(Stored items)
• • • • • • •

Lemma rho_simplex t : (1 <= t <= T)%N -> (forall j, 0 < rho j t) /\ \sum_j rho j t = 1.
Proof.
have M0 : (0 < M)%N by [].
case: run => _ [_ [rho1 _]]; elim: t => [//|[|t] IH] tT.
  split => [j|]; last by under eq_bigr do rewrite rho1; apply: sum_init_weights.
  by rewrite rho1 divr_gt0 ?mulr_gt0 ?ltr0n ?addr_gt0.
have tT' : (1 <= t.+1 < T)%N by [].
have [rho_pos rho_sum] := IH (ltnW tT).
set Z := \sum_k rho k t.+1 * expR (- (ga * ell t.+1 k)).
have Z_pos : 0 < Z.
  rewrite /Z (bigD1 (Ordinal M0)) //= ltr_pwDl ?mulr_gt0 ?expR_gt0 //.
  by apply: sumr_ge0 => k _; rewrite mulr_ge0 ?expR_ge0 // ltW.
split => [j|]; first by rewrite rho_update // divr_gt0 ?mulr_gt0 ?expR_gt0.
by under eq_bigr do rewrite rho_update //; rewrite -mulr_suml mulfV ?gt_eqF.
Qed.

Lemma x_in_X t : (1 <= t <= T)%N -> X (x t).
Proof.
case: run => _ [_ [_ [_ [_ [_ x_def]]]]] tT; rewrite x_def //.
have [rho_pos rho_sum] := rho_simplex tT.
have := convex_on_sum X_convex (fun j => ltW (rho_pos j)) (fun j => xi_in_X j tT).
by move/(_ (index_enum _)); rewrite rho_sum invr1 scale1r; apply; exact: ltr01.
Qed.

Lemma Q_ge0 t i k : (t < T)%N -> 0 <= Q i t 0 k.
Proof.
case: run => Q0 [_ [_ [Q_rec _]]]; elim: t => [|t IH] tT; first by rewrite Q0 mxE.
rewrite (Q_rec t.+2) // !mxE addr_ge0 ?IH 1?ltnW // mulr_ge0 ?le_max ?lexx ?orbT //.
by rewrite divr_ge0 ?sqrtr_ge0.
Qed.

Lemma expert_prox_step t i : (1 <= t < T)%N ->
  dotv (sf t (x t)) (xi i t.+1 - y t) <= (alpha alpha0 c i t)^-1 *
    (enorm (y t - xi i t) ^+ 2 - enorm (y t - xi i t.+1) ^+ 2 - enorm (xi i t.+1 - xi i t) ^+ 2).
Proof.
move=> tT; have tT' : (1 <= t <= T)%N by case/andP: tT => -> /ltnW.
case: run => _ [_ [_ [_ [xi_min _]]]]; have [Xu umin] := xi_min t.+1 i tT.
set al := alpha alpha0 c i t; set be := beta alpha0 beta0 c i t.
have al_gt0 : 0 < al by rewrite divr_gt0 ?mulr_gt0 ?exprn_gt0 ?powR_gt0 ?ltr0n //; lia.
have be_ge0 : 0 <= be by rewrite divr_ge0 ?sqrtr_ge0.
have Q_ge0' k : 0 <= Q i t 0 k by apply: Q_ge0; case/andP: tT.
have cL : convex_fun_on X (fun z => al * dotv (sf t (x t)) z + al * be * dotv (Q i t) (pospart (g t z))).
  apply: convex_fun_onD; apply: convex_fun_onZ.
  - exact: ltW.
  - exact: convex_fun_on_dotv.
  - exact: mulr_ge0 (ltW al_gt0) be_ge0.
  - by apply: convex_fun_on_dotv_pospart => // k; apply: g_convex.
have [Xy gy_le0] := y_feasible tT'.
have prox := prox_three_point X_convex cL Xu Xy umin.
have Qy : dotv (Q i t) (pospart (g t (y t))) = 0.
  by rewrite /dotv big1 // => k _; rewrite mxE max_r ?mulr0.
have Qu : 0 <= dotv (Q i t) (pospart (g t (xi i t.+1))).
  by apply: sumr_ge0 => k _; rewrite mxE mulr_ge0 // le_max lexx orbT.
rewrite /= Qy mulr0 addr0 in prox.
rewrite -(ler_pM2l al_gt0) mulrA mulfV ?gt_eqF // mul1r dotvBr.
by have := mulr_ge0 (mulr_ge0 (ltW al_gt0) be_ge0) Qu; lra.
Qed.

Lemma ell_mean0 t : (1 <= t <= T)%N -> \sum_j rho j t * ell t j = 0.
Proof.
case: run => _ [_ [_ [_ [_ [_ x_def]]]]] tT; have [_ rho_sum] := rho_simplex tT.
under eq_bigr do rewrite dotvBr mulrBr -dotvZr.
by rewrite sumrB -mulr_suml rho_sum mul1r -dotv_sumr -x_def // subrr.
Qed.

Lemma ell_bound t j : (1 <= t <= T)%N -> `|ell t j| <= G * D.
Proof.
move=> tT; apply: le_trans (normr_dotv_le _ _) _.
apply: ler_pM; rewrite ?enorm_ge0 //; first exact: (sf_subgrad tT (x_in_X tT)).2.
exact: X_diam (xi_in_X j tT) (x_in_X tT).
Qed.

Lemma expert_regret_le (i : 'I_M) :
  \sum_(1 <= t < T.+1) dotv (sf t (x t)) (xi i t - y t) <=
    T%:R `^ c / (alpha0 * 2 ^+ i) * (D ^+ 2 + 2 * D * path_length T y)
    + G ^+ 2 * alpha0 * 2 ^+ i / (4 * (1 - c)) * T%:R `^ (1 - c) + G * D.
Proof.
(* r 0 = 0, since 0 `^ c = 0 and x / 0 = 0. *)
set r := fun t => (alpha alpha0 c i t)^-1.
have a2 : 0 < alpha0 * 2 ^+ i by rewrite mulr_gt0 ?exprn_gt0.
have rE t : r t = t%:R `^ c / (alpha0 * 2 ^+ i) by rewrite /r /alpha invf_div.
have r_nd : nondecreasing_seq r.
  move=> s t st; rewrite !rE ler_pM2r ?invr_gt0 //.
  by apply: ge0_ler_powR; rewrite ?nnegrE ?ler_nat // ltW.
have r0 : 0 <= r 0%N by rewrite rE divr_ge0 ?powR_ge0 ?ltW.
have r1 : 0 < r 1%N by rewrite rE divr_gt0 ?powR_gt0 ?ltr0n.
have inX t : (1 <= t <= T)%N -> [/\ X (xi i t), X (y t) & enorm (sf t (x t)) <= G].
  move=> tT; split; first exact: xi_in_X.
    exact: (y_feasible tT).1.
  exact: (sf_subgrad tT (x_in_X tT)).2.
have step t : (1 <= t < T)%N -> _ := expert_prox_step i (t := t).
move: (prox_dynamic_regret_le T_ge1 X_diam inX r0 r1 r_nd step) => /le_trans; apply.
have c'0 : 0 < 1 - c by rewrite subr_gt0.
have sum_le : \sum_(1 <= t < T) (r t)^-1 <= alpha0 * 2 ^+ i * (T%:R `^ (1 - c) / (1 - c)).
  rewrite (eq_bigr _ (fun t _ => invrK _)) -mulr_sumr ler_pM2l //.
  have := sum_powRN_le T.-1 (introT andP (conj c_gt0 c_lt1)); rewrite prednK // => /le_trans.
  apply; rewrite ler_pM2r ?invr_gt0 //.
  by apply: ge0_ler_powR; rewrite ?nnegrE ?ler_nat ?leq_pred // subr_ge0 ltW.
have := ler_wpM2l (divr_ge0 (sqr_ge0 G) (ler0n R 4)) sum_le.
have -> : G ^+ 2 / 4 * (alpha0 * 2 ^+ i * (T%:R `^ (1 - c) / (1 - c)))
    = G ^+ 2 * alpha0 * 2 ^+ i / (4 * (1 - c)) * T%:R `^ (1 - c).
  by field; rewrite gt_eqF.
rewrite rE; lra.
Qed.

• • • • • • •

(PROBLEM TO WORK ON)
Transcribe each line above exactly; skip none.

(EXPECTED OUTPUT)
Lemma rho_simplex t : (1 <= t <= T)%N -> (forall j, 0 < rho j t) /\ \sum_j rho j t = 1.
Proof.
have M0 : (0 < M)%N by [].
case: run => _ [_ [rho1 _]]; elim: t => [//|[|t] IH] tT.
  split => [j|]; last by under eq_bigr do rewrite rho1; apply: sum_init_weights.
  by rewrite rho1 divr_gt0 ?mulr_gt0 ?ltr0n ?addr_gt0.
have tT' : (1 <= t.+1 < T)%N by [].
have [rho_pos rho_sum] := IH (ltnW tT).
set Z := \sum_k rho k t.+1 * expR (- (ga * ell t.+1 k)).
have Z_pos : 0 < Z.
  rewrite /Z (bigD1 (Ordinal M0)) //= ltr_pwDl ?mulr_gt0 ?expR_gt0 //.
  by apply: sumr_ge0 => k _; rewrite mulr_ge0 ?expR_ge0 // ltW.
split => [j|]; first by rewrite rho_update // divr_gt0 ?mulr_gt0 ?expR_gt0.
by under eq_bigr do rewrite rho_update //; rewrite -mulr_suml mulfV ?gt_eqF.
Qed.

Lemma x_in_X t : (1 <= t <= T)%N -> X (x t).
Proof.
case: run => _ [_ [_ [_ [_ [_ x_def]]]]] tT; rewrite x_def //.
have [rho_pos rho_sum] := rho_simplex tT.
have := convex_on_sum X_convex (fun j => ltW (rho_pos j)) (fun j => xi_in_X j tT).
by move/(_ (index_enum _)); rewrite rho_sum invr1 scale1r; apply; exact: ltr01.
Qed.

Lemma Q_ge0 t i k : (t < T)%N -> 0 <= Q i t 0 k.
Proof.
case: run => Q0 [_ [_ [Q_rec _]]]; elim: t => [|t IH] tT; first by rewrite Q0 mxE.
rewrite (Q_rec t.+2) // !mxE addr_ge0 ?IH 1?ltnW // mulr_ge0 ?le_max ?lexx ?orbT //.
by rewrite divr_ge0 ?sqrtr_ge0.
Qed.

Lemma expert_prox_step t i : (1 <= t < T)%N ->
  dotv (sf t (x t)) (xi i t.+1 - y t) <= (alpha alpha0 c i t)^-1 *
    (enorm (y t - xi i t) ^+ 2 - enorm (y t - xi i t.+1) ^+ 2 - enorm (xi i t.+1 - xi i t) ^+ 2).
Proof.
move=> tT; have tT' : (1 <= t <= T)%N by case/andP: tT => -> /ltnW.
case: run => _ [_ [_ [_ [xi_min _]]]]; have [Xu umin] := xi_min t.+1 i tT.
set al := alpha alpha0 c i t; set be := beta alpha0 beta0 c i t.
have al_gt0 : 0 < al by rewrite divr_gt0 ?mulr_gt0 ?exprn_gt0 ?powR_gt0 ?ltr0n //; lia.
have be_ge0 : 0 <= be by rewrite divr_ge0 ?sqrtr_ge0.
have Q_ge0' k : 0 <= Q i t 0 k by apply: Q_ge0; case/andP: tT.
have cL : convex_fun_on X (fun z => al * dotv (sf t (x t)) z + al * be * dotv (Q i t) (pospart (g t z))).
  apply: convex_fun_onD; apply: convex_fun_onZ.
  - exact: ltW.
  - exact: convex_fun_on_dotv.
  - exact: mulr_ge0 (ltW al_gt0) be_ge0.
  - by apply: convex_fun_on_dotv_pospart => // k; apply: g_convex.
have [Xy gy_le0] := y_feasible tT'.
have prox := prox_three_point X_convex cL Xu Xy umin.
have Qy : dotv (Q i t) (pospart (g t (y t))) = 0.
  by rewrite /dotv big1 // => k _; rewrite mxE max_r ?mulr0.
have Qu : 0 <= dotv (Q i t) (pospart (g t (xi i t.+1))).
  by apply: sumr_ge0 => k _; rewrite mxE mulr_ge0 // le_max lexx orbT.
rewrite /= Qy mulr0 addr0 in prox.
rewrite -(ler_pM2l al_gt0) mulrA mulfV ?gt_eqF // mul1r dotvBr.
by have := mulr_ge0 (mulr_ge0 (ltW al_gt0) be_ge0) Qu; lra.
Qed.

Lemma ell_mean0 t : (1 <= t <= T)%N -> \sum_j rho j t * ell t j = 0.
Proof.
case: run => _ [_ [_ [_ [_ [_ x_def]]]]] tT; have [_ rho_sum] := rho_simplex tT.
under eq_bigr do rewrite dotvBr mulrBr -dotvZr.
by rewrite sumrB -mulr_suml rho_sum mul1r -dotv_sumr -x_def // subrr.
Qed.

Lemma ell_bound t j : (1 <= t <= T)%N -> `|ell t j| <= G * D.
Proof.
move=> tT; apply: le_trans (normr_dotv_le _ _) _.
apply: ler_pM; rewrite ?enorm_ge0 //; first exact: (sf_subgrad tT (x_in_X tT)).2.
exact: X_diam (xi_in_X j tT) (x_in_X tT).
Qed.

Lemma expert_regret_le (i : 'I_M) :
  \sum_(1 <= t < T.+1) dotv (sf t (x t)) (xi i t - y t) <=
    T%:R `^ c / (alpha0 * 2 ^+ i) * (D ^+ 2 + 2 * D * path_length T y)
    + G ^+ 2 * alpha0 * 2 ^+ i / (4 * (1 - c)) * T%:R `^ (1 - c) + G * D.
Proof.
(* r 0 = 0, since 0 `^ c = 0 and x / 0 = 0. *)
set r := fun t => (alpha alpha0 c i t)^-1.
have a2 : 0 < alpha0 * 2 ^+ i by rewrite mulr_gt0 ?exprn_gt0.
have rE t : r t = t%:R `^ c / (alpha0 * 2 ^+ i) by rewrite /r /alpha invf_div.
have r_nd : nondecreasing_seq r.
  move=> s t st; rewrite !rE ler_pM2r ?invr_gt0 //.
  by apply: ge0_ler_powR; rewrite ?nnegrE ?ler_nat // ltW.
have r0 : 0 <= r 0%N by rewrite rE divr_ge0 ?powR_ge0 ?ltW.
have r1 : 0 < r 1%N by rewrite rE divr_gt0 ?powR_gt0 ?ltr0n.
have inX t : (1 <= t <= T)%N -> [/\ X (xi i t), X (y t) & enorm (sf t (x t)) <= G].
  move=> tT; split; first exact: xi_in_X.
    exact: (y_feasible tT).1.
  exact: (sf_subgrad tT (x_in_X tT)).2.
have step t : (1 <= t < T)%N -> _ := expert_prox_step i (t := t).
move: (prox_dynamic_regret_le T_ge1 X_diam inX r0 r1 r_nd step) => /le_trans; apply.
have c'0 : 0 < 1 - c by rewrite subr_gt0.
have sum_le : \sum_(1 <= t < T) (r t)^-1 <= alpha0 * 2 ^+ i * (T%:R `^ (1 - c) / (1 - c)).
  rewrite (eq_bigr _ (fun t _ => invrK _)) -mulr_sumr ler_pM2l //.
  have := sum_powRN_le T.-1 (introT andP (conj c_gt0 c_lt1)); rewrite prednK // => /le_trans.
  apply; rewrite ler_pM2r ?invr_gt0 //.
  by apply: ge0_ler_powR; rewrite ?nnegrE ?ler_nat ?leq_pred // subr_ge0 ltW.
have := ler_wpM2l (divr_ge0 (sqr_ge0 G) (ler0n R 4)) sum_le.
have -> : G ^+ 2 / 4 * (alpha0 * 2 ^+ i * (T%:R `^ (1 - c) / (1 - c)))
    = G ^+ 2 * alpha0 * 2 ^+ i / (4 * (1 - c)) * T%:R `^ (1 - c).
  by field; rewrite gt_eqF.
rewrite rE; lra.
Qed.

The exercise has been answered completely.